→ **Description of the task**
Copy out every line of the records where the string "Fixpoint" occurs.

→ **The records**
(* Let $r\ge 1$ be an integer. Define $(B^{(r)}(n,k))_{n\ge0,\,k\in\mathbb{Z}}$ by $B^{(r)}(0,0)=1$, $B^{(r)}(0,k)=0$ for $k\neq0$, $B^{(r)}(n,k)=0$ for $k<0$, and for $n\ge1$ and all $k$, \[ B^{(r)}(n,k)=\bigl(rn-k+1-r\bigr)B^{(r)}(n-1,k-1)+(k+1)B^{(r)}(n-1,k). \] Then for every $n\ge 1$ and every integer $k$, $B^{(r)}(n,k)$ equals the number of increasing plane full $(r+1)$-ary trees with $n$ internal nodes in which exactly $k+1$ leaves are cadets.
   Context: An increasing plane full $(r+1)$-ary tree with $n$ internal nodes is a rooted tree in which each internal node has exactly $r+1$ children, linearly ordered (first child, ..., $(r+1)$-st child), each node being either internal or a leaf; the $n$ internal nodes carry the distinct labels $1,\dots,n$, and labels increase along every path from the root (so the root is labelled $1$). Equivalently, such trees are built by starting from a single leaf and, at step $i=1,\dots,n$, replacing one chosen leaf by an internal node labelled $i$ having $r+1$ new ordered leaf children. A leaf is a cadet if it is the last ($(r+1)$-st) child of its parent. (The numbers $B^{(r)}(n,k)$ are the numbers of Stirling $r$-permutations of $[n]$ with $k$ descents studied by X. He.) *)

From mathcomp Require Import all_boot all_order all_algebra.
From Stdlib Require List.
Set Implicit Arguments. Unset Strict Implicit. Unset Printing Implicit Defensive.
Import Order.TTheory GRing.Theory Num.Theory.

Inductive ptree := Leaf | Node of nat & seq ptree.

Fixpoint labels (t : ptree) : seq nat :=
  match t with Leaf => [::] | Node a cs => a :: flatten (map labels cs) end.

Fixpoint full (r : nat) (t : ptree) : bool :=
  match t with
  | Leaf => true
  | Node _ cs => (size cs == r.+1) && all (full r) cs
  end.

Definition lab_gt (a : nat) (c : ptree) : bool :=
  match c with Leaf => true | Node b _ => a < b end.

Fixpoint increasing (t : ptree) : bool :=
  match t with
  | Leaf => true
  | Node a cs => all (lab_gt a) cs && all increasing cs
  end.

Definition incr_tree (r n : nat) (t : ptree) : bool :=
  [&& full r t, increasing t & perm_eq (labels t) (iota 1 n)].

Definition is_leaf (t : ptree) : bool := if t is Leaf then true else false.

Fixpoint cadets (t : ptree) : nat :=
  match t with
  | Leaf => 0
  | Node _ cs => is_leaf (last (Node 0 [::]) cs) + sumn (map cadets cs)
  end.
(* Let $\alpha$ be a nonzero real number and let $\gamma$ be a closed $\alpha$-stationary curve in $\mathbb S^2$ not passing through $N$. (1) If $\gamma$ is contained in the open upper hemisphere $\mathbb S^2_+=\mathbb S^2\cap\{z>0\}$, then $\alpha<0$. (2) If $\gamma$ is contained in the open lower hemisphere $\mathbb S^2_-=\mathbb S^2\cap\{z<0\}$, then $\alpha>0$.
   Context: $\mathbb S^2\subset\mathbb R^3$ is the unit sphere with the Euclidean inner product $\langle,\rangle$. It is parametrized by $\Psi(u,v)=(\sin u\cos v,\sin u\sin v,\cos u)$, and $N=(0,0,1)$. The spherical distance from $\Psi(u,v)$ to $N$ is $u\in[0,\pi]$. For a curve $\gamma(t)=\Psi(u(t),v(t))$, the energy is $$E_\alpha[\gamma]=\int_\gamma\mathsf d^\alpha ds=\int u^\alpha\sqrt{u'^2+\sin^2(u)v'^2}\,dt,$$ where $\mathsf d$ is the distance to $N$. The curve is $\alpha$-stationary if it is a critical point of $E_\alpha$ (Euler–Lagrange equations). Equivalently, its curvature satisfies $\kappa=\alpha\langle\mathbf n,\xi\rangle/\mathsf d$. Here $\mathbf n=(\gamma'\times\gamma)/|\gamma'|$, $\kappa=\langle\gamma'',\mathbf n\rangle/|\gamma'|^2$, and $\xi=\Psi_u$ is the unit tangent of the minimizing geodesic from $N$. Throughout the paper, $\alpha\ne0$ and curves avoid $N$. *)

From Stdlib Require Import Reals.
From Coquelicot Require Import Coquelicot.
Open Scope R_scope.

Definition vec3 := (R * R * R)%type.
Definition vx (p : vec3) : R := fst (fst p).
Definition vy (p : vec3) : R := snd (fst p).
Definition vz (p : vec3) : R := snd p.
Definition dot (p q : vec3) : R := vx p * vx q + vy p * vy q + vz p * vz q.
Definition vnorm (p : vec3) : R := sqrt (dot p p).
Definition cross (p q : vec3) : vec3 :=
  (vy p * vz q - vz p * vy q, vz p * vx q - vx p * vz q, vx p * vy q - vy p * vx q).
Definition vscale (a : R) (p : vec3) : vec3 := (a * vx p, a * vy p, a * vz p).
Definition vsub (p q : vec3) : vec3 := (vx p - vx q, vy p - vy q, vz p - vz q).

Definition Npole : vec3 := (0, 0, 1).
Definition Spole : vec3 := (0, 0, -1).

(* Spherical distance to N: for p = Psi(u,v), d(p) = u = acos (z). *)
Definition dN (p : vec3) : R := acos (vz p).

(* xi = Psi_u at p = Psi(u,v):  Psi_u = (cos u * p - N) / sin u,
   with cos u = z, sin u = sin (dN p) = sqrt(1 - z^2).  Defined off the poles. *)
Definition xi (p : vec3) : R * R * R :=
  vscale (/ sin (dN p)) (vsub (vscale (vz p) p) Npole).

Record curve := mkCurve { cx : R -> R; cy : R -> R; cz : R -> R }.
Definition pt (g : curve) (t : R) : vec3 := (cx g t, cy g t, cz g t).
Definition vel (g : curve) (t : R) : vec3 :=
  (Derive (cx g) t, Derive (cy g) t, Derive (cz g) t).
Definition acc (g : curve) (t : R) : vec3 :=
  (Derive_n (cx g) 2 t, Derive_n (cy g) 2 t, Derive_n (cz g) 2 t).

Definition smooth_curve (g : curve) : Prop :=
  forall (n : nat) (t : R),
    ex_derive_n (cx g) n t /\ ex_derive_n (cy g) n t /\ ex_derive_n (cz g) n t.

Definition regular_curve (g : curve) : Prop := forall t, vel g t <> (0, 0, 0).

Definition on_sphere (g : curve) : Prop := forall t, dot (pt g t) (pt g t) = 1.

Definition closed_curve (g : curve) : Prop :=
  exists T, 0 < T /\ forall t, pt g (t + T) = pt g t.

Definition avoids_N (g : curve) : Prop := forall t, pt g t <> Npole.

Definition nvec (g : curve) (t : R) : vec3 :=
  vscale (/ vnorm (vel g t)) (cross (vel g t) (pt g t)).
Definition kappa (g : curve) (t : R) : R :=
  dot (acc g t) (nvec g t) / (vnorm (vel g t) ^ 2).

(* alpha-stationary: kappa = alpha <n, xi> / d, at every point where xi is
   defined (i.e. off the south pole; N is avoided by assumption). *)
Definition alpha_stationary (alpha : R) (g : curve) : Prop :=
  forall t, pt g t <> Spole ->
    kappa g t = alpha * dot (nvec g t) (xi (pt g t)) / dN (pt g t).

→ **Solution**
Fixpoint labels (t : ptree) : seq nat :=
Fixpoint full (r : nat) (t : ptree) : bool :=
Fixpoint increasing (t : ptree) : bool :=
Fixpoint cadets (t : ptree) : nat :=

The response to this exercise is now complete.